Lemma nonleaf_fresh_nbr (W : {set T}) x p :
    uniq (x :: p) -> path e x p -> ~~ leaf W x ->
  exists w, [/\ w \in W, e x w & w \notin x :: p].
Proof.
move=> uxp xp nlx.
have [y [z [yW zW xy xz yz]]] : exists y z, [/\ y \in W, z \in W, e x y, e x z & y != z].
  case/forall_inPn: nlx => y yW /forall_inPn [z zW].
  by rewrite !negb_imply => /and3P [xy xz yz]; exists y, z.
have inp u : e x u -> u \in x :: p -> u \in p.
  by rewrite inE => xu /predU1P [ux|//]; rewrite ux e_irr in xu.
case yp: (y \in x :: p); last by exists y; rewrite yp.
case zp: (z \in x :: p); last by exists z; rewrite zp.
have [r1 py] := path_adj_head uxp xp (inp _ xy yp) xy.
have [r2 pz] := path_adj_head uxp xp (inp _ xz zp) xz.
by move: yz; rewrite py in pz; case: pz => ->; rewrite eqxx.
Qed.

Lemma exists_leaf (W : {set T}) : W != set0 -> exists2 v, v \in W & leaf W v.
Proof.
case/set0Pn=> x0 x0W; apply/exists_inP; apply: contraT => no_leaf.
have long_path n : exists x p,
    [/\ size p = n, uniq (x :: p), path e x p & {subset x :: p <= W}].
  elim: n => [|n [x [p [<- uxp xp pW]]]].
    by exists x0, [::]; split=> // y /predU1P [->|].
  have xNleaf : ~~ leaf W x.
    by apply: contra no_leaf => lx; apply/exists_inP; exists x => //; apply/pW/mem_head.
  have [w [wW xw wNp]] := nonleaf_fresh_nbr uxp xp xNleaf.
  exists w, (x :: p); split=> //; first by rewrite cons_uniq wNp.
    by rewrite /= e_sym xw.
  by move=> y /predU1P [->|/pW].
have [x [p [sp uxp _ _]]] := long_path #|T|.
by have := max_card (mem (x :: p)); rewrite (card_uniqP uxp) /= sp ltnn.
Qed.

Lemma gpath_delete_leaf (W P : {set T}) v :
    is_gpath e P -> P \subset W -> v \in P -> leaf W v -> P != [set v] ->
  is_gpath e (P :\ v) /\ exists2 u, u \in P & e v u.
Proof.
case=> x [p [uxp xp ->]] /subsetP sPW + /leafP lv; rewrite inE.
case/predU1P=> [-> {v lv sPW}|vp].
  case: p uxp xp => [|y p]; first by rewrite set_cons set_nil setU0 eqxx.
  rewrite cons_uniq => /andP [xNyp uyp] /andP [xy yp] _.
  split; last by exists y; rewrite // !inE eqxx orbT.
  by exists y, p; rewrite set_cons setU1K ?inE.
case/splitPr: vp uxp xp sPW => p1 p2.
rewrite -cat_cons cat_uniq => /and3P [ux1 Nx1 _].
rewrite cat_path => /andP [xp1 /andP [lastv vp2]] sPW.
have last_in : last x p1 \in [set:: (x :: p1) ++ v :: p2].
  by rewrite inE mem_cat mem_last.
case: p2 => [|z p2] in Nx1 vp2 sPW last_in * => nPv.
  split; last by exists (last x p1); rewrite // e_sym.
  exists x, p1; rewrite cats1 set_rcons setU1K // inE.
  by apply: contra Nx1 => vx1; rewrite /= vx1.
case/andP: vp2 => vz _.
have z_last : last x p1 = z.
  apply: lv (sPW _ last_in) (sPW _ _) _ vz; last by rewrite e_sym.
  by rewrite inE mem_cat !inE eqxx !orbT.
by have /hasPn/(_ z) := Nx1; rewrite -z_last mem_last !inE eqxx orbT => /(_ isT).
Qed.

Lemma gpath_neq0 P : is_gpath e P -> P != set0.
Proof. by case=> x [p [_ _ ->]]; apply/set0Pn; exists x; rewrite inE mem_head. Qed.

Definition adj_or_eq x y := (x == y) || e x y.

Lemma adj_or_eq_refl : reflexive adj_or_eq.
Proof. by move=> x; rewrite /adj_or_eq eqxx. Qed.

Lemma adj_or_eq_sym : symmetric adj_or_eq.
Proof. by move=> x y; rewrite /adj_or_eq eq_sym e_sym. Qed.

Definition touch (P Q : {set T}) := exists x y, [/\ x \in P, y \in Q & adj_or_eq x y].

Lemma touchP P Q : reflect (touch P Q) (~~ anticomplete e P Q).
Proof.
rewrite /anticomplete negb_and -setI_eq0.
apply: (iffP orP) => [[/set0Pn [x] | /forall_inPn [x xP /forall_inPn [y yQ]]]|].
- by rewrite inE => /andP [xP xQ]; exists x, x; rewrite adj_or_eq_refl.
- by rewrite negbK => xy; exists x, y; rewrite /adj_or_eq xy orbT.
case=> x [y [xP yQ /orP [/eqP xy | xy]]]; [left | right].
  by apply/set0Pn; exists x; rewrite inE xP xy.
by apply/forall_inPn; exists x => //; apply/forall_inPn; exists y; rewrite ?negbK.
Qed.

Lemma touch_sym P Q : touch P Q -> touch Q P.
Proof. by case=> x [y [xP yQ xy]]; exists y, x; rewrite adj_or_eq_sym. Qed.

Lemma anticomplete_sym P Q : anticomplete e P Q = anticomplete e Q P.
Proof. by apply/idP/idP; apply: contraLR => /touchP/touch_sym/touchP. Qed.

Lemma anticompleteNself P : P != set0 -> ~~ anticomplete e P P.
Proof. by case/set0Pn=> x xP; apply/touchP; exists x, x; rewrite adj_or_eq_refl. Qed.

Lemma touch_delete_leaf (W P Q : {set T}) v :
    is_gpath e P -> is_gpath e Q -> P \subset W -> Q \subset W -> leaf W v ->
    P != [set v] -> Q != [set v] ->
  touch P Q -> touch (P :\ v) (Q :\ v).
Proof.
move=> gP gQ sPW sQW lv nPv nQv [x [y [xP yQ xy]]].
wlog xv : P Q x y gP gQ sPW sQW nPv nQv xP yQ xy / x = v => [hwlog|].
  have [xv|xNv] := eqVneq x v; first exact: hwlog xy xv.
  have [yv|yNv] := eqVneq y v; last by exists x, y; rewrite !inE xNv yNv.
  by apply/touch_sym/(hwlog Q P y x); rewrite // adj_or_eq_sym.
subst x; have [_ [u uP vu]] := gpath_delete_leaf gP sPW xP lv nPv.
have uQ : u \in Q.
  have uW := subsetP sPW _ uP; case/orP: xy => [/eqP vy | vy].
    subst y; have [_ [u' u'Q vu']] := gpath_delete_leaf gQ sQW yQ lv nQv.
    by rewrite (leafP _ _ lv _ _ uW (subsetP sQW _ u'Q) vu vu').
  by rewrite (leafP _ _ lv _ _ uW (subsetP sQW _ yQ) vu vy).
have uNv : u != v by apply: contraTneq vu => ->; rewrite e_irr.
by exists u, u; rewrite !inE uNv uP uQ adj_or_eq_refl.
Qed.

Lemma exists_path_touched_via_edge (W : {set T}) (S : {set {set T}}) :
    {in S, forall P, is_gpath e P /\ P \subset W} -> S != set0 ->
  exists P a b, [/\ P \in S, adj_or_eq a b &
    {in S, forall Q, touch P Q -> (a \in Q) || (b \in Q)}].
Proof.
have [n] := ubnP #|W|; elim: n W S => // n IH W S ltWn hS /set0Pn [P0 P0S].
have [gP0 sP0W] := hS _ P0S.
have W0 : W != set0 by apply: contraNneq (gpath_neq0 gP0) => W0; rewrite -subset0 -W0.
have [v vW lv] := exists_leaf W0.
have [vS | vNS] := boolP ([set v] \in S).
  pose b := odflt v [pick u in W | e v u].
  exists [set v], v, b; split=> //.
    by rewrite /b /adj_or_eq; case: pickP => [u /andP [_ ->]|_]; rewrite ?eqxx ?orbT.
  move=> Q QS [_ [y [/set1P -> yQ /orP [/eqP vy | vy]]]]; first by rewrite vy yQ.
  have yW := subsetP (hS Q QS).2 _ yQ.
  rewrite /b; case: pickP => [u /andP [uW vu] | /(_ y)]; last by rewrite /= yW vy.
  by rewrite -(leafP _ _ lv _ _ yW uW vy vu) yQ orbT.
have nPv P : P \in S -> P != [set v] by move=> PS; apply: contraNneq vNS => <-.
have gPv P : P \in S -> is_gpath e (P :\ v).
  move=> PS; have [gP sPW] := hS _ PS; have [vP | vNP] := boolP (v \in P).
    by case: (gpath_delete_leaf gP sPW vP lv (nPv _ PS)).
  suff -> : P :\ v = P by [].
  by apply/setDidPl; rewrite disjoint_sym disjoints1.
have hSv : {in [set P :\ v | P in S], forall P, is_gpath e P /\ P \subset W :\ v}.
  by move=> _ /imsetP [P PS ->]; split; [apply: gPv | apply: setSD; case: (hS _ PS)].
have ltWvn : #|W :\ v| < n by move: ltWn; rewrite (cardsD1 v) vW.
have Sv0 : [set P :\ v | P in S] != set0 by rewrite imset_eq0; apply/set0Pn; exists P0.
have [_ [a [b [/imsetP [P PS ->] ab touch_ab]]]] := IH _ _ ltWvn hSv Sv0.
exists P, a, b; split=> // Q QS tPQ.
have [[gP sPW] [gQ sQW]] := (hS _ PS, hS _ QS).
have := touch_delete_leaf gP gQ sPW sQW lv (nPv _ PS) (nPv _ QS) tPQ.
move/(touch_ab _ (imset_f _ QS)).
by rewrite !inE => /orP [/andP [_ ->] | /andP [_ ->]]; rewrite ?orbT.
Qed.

━━━━━━

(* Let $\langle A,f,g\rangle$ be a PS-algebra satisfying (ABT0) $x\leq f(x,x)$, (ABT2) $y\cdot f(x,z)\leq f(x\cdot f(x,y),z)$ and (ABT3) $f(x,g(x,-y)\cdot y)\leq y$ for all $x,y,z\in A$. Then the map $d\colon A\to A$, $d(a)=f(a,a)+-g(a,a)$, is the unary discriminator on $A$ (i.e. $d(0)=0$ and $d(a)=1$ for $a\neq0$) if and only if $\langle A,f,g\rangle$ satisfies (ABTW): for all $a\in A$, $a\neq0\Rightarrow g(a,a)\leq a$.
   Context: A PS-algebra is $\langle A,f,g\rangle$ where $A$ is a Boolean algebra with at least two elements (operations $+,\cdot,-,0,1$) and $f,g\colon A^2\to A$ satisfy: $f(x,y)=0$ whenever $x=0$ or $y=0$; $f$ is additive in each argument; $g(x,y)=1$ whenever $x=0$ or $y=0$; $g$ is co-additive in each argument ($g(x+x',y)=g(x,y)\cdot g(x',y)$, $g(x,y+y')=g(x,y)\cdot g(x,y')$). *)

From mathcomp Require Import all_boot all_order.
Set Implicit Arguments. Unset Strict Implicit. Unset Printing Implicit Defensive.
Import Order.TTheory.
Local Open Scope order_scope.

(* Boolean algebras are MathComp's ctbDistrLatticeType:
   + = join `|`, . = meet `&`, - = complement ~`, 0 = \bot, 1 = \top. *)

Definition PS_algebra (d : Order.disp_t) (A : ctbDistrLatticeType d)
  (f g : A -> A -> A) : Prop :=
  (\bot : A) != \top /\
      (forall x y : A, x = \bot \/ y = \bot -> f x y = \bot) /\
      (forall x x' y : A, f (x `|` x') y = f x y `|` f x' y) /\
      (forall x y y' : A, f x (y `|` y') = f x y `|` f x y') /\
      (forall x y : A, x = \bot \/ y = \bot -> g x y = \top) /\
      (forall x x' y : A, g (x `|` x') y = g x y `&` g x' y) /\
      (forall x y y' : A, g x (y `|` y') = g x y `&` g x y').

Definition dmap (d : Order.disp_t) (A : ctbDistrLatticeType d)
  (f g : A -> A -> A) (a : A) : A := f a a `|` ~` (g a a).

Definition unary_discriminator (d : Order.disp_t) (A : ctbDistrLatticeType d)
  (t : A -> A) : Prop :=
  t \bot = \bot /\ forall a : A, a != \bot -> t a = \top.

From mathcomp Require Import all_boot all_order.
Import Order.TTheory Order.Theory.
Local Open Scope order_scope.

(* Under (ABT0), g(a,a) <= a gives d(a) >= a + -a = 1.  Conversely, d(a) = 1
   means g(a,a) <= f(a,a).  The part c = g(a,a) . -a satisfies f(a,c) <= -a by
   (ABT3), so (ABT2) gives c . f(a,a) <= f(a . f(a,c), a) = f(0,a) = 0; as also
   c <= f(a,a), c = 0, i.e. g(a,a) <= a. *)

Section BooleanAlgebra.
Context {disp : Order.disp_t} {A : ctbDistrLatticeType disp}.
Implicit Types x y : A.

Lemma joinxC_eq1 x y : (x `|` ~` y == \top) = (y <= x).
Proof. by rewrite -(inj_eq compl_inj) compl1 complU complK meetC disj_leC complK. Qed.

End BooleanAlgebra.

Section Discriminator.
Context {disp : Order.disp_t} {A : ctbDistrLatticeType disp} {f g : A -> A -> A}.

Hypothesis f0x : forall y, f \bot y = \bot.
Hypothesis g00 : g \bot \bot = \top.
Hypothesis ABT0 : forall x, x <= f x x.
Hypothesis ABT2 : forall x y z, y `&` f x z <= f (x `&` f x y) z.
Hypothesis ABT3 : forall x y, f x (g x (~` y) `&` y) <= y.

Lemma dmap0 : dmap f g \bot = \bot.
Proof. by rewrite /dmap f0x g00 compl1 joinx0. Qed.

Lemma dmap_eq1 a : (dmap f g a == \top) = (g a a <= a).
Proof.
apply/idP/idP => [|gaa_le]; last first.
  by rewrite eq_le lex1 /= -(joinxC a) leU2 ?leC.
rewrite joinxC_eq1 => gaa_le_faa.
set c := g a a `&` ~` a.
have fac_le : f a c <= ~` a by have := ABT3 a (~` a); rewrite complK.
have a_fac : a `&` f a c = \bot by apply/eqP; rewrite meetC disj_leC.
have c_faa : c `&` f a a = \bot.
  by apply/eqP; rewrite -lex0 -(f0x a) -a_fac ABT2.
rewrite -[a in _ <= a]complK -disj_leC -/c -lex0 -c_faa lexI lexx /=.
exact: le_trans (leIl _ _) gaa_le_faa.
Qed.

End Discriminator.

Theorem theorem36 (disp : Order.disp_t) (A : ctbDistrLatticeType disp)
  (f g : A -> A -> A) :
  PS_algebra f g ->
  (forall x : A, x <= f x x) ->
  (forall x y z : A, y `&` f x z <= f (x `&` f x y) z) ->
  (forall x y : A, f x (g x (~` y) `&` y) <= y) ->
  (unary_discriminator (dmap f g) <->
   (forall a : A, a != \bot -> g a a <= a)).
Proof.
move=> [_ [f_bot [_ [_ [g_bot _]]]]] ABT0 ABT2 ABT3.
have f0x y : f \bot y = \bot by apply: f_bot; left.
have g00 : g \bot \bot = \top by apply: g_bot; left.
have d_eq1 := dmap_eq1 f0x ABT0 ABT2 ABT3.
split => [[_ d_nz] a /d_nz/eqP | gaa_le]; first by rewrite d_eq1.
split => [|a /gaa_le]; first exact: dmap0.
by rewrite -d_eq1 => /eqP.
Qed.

━━━━━━

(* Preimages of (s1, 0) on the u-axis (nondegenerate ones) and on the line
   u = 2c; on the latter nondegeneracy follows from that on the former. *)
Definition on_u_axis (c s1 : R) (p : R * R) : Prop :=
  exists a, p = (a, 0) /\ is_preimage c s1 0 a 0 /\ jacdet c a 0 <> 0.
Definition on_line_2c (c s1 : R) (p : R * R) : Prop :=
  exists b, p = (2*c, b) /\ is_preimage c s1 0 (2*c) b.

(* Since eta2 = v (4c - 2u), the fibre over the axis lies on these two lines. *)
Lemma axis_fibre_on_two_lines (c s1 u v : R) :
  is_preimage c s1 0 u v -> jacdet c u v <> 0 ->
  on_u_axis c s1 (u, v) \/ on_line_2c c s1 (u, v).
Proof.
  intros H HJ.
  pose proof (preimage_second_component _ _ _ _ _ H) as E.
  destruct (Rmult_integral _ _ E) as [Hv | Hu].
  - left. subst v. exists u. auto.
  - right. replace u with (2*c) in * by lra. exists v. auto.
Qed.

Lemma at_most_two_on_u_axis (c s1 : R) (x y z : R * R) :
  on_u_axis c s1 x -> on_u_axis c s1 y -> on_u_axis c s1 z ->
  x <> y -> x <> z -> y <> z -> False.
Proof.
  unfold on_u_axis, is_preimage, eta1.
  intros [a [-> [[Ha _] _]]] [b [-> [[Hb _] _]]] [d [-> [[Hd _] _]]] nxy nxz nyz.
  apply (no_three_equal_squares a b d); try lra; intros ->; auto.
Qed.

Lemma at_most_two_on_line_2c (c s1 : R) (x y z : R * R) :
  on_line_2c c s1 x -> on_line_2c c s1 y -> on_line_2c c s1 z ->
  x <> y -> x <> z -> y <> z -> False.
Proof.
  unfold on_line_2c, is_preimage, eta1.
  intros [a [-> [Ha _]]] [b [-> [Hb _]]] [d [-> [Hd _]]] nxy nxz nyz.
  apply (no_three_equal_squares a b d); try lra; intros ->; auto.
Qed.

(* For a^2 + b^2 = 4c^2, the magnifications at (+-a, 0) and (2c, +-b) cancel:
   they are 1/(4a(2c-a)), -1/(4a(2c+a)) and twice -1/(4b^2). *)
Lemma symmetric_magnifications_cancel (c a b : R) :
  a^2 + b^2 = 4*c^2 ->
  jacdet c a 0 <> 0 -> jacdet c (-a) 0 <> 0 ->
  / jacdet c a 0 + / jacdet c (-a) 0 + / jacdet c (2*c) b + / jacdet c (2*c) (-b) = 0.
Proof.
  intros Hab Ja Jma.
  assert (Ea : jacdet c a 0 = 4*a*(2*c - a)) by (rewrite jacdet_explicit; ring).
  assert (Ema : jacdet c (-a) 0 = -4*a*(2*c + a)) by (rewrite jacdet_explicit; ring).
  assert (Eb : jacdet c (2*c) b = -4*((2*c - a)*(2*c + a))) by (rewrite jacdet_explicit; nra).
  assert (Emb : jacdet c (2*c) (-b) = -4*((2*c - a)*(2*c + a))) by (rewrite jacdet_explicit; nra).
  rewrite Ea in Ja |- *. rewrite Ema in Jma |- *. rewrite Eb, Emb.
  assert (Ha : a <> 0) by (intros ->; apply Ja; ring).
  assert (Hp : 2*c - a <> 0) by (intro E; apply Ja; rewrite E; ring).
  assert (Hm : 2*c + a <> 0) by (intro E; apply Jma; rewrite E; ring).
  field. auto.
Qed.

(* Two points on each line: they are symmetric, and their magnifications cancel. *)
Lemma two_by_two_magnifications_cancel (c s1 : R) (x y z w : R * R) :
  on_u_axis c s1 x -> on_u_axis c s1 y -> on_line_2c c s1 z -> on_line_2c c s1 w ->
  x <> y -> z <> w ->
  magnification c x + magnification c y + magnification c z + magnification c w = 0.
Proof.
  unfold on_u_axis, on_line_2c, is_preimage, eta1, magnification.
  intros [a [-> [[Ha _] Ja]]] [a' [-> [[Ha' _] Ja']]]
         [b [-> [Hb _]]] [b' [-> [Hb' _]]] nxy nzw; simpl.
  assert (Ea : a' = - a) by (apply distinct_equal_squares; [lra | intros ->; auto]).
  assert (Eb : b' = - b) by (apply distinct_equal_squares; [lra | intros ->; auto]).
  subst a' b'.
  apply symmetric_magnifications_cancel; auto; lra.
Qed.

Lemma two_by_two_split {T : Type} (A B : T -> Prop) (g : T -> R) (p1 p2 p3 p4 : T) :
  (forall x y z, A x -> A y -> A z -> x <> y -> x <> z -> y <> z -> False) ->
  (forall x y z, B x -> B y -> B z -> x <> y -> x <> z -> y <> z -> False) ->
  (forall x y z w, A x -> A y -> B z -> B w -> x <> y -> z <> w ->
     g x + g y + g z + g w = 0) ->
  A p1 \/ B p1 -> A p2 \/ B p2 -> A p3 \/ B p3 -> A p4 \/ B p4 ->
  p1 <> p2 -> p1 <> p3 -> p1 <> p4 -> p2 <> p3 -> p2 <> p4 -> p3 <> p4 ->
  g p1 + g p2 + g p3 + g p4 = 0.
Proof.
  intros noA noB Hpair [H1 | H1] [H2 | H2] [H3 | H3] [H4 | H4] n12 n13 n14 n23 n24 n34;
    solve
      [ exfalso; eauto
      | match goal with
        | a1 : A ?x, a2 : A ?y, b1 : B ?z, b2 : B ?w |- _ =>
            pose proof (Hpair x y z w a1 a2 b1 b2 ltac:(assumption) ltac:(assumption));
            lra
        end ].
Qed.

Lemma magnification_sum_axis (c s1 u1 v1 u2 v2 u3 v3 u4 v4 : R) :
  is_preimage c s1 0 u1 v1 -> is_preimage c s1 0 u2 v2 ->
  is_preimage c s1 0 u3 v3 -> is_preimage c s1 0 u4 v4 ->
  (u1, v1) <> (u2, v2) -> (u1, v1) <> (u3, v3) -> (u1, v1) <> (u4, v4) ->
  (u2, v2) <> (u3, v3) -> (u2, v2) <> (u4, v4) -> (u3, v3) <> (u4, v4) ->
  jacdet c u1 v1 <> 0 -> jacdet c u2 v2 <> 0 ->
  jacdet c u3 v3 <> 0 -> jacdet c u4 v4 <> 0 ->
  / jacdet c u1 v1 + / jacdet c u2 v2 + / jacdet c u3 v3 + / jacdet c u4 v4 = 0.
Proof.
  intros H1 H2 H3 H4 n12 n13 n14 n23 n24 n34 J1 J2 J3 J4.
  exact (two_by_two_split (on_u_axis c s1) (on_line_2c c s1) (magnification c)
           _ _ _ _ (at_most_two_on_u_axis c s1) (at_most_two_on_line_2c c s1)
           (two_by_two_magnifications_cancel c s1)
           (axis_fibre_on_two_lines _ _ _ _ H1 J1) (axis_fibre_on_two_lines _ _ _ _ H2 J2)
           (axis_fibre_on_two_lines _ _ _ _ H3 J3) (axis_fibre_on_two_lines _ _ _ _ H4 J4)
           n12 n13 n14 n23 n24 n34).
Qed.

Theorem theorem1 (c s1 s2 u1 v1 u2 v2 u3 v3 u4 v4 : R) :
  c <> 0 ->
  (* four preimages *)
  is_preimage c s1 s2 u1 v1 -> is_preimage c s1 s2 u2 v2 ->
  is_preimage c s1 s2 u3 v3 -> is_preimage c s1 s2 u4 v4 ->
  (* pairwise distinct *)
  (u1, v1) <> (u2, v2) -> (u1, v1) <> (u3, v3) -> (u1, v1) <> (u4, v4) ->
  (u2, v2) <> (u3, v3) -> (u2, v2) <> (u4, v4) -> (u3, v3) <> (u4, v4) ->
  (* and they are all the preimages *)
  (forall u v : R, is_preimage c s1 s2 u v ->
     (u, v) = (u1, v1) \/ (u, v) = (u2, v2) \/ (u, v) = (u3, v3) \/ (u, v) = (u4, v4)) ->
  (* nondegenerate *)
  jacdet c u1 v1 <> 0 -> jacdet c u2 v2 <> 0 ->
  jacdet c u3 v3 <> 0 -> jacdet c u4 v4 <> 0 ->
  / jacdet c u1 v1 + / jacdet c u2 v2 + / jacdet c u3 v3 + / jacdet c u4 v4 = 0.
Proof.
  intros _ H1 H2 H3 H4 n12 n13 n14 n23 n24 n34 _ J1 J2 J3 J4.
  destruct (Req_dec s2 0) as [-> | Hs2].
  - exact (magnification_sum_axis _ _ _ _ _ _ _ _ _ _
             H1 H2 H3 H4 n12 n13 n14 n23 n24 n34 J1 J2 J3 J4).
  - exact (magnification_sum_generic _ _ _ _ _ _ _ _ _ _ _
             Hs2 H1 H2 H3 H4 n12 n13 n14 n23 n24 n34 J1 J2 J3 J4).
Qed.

━━━━━━

» HOW TO COMPLETE THIS TASK
Every line above that holds the string "meetC" should be returned.

» EXPECTED OUTPUT
Proof. by rewrite -(inj_eq compl_inj) compl1 complU complK meetC disj_leC complK. Qed.
have a_fac : a `&` f a c = \bot by apply/eqP; rewrite meetC disj_leC.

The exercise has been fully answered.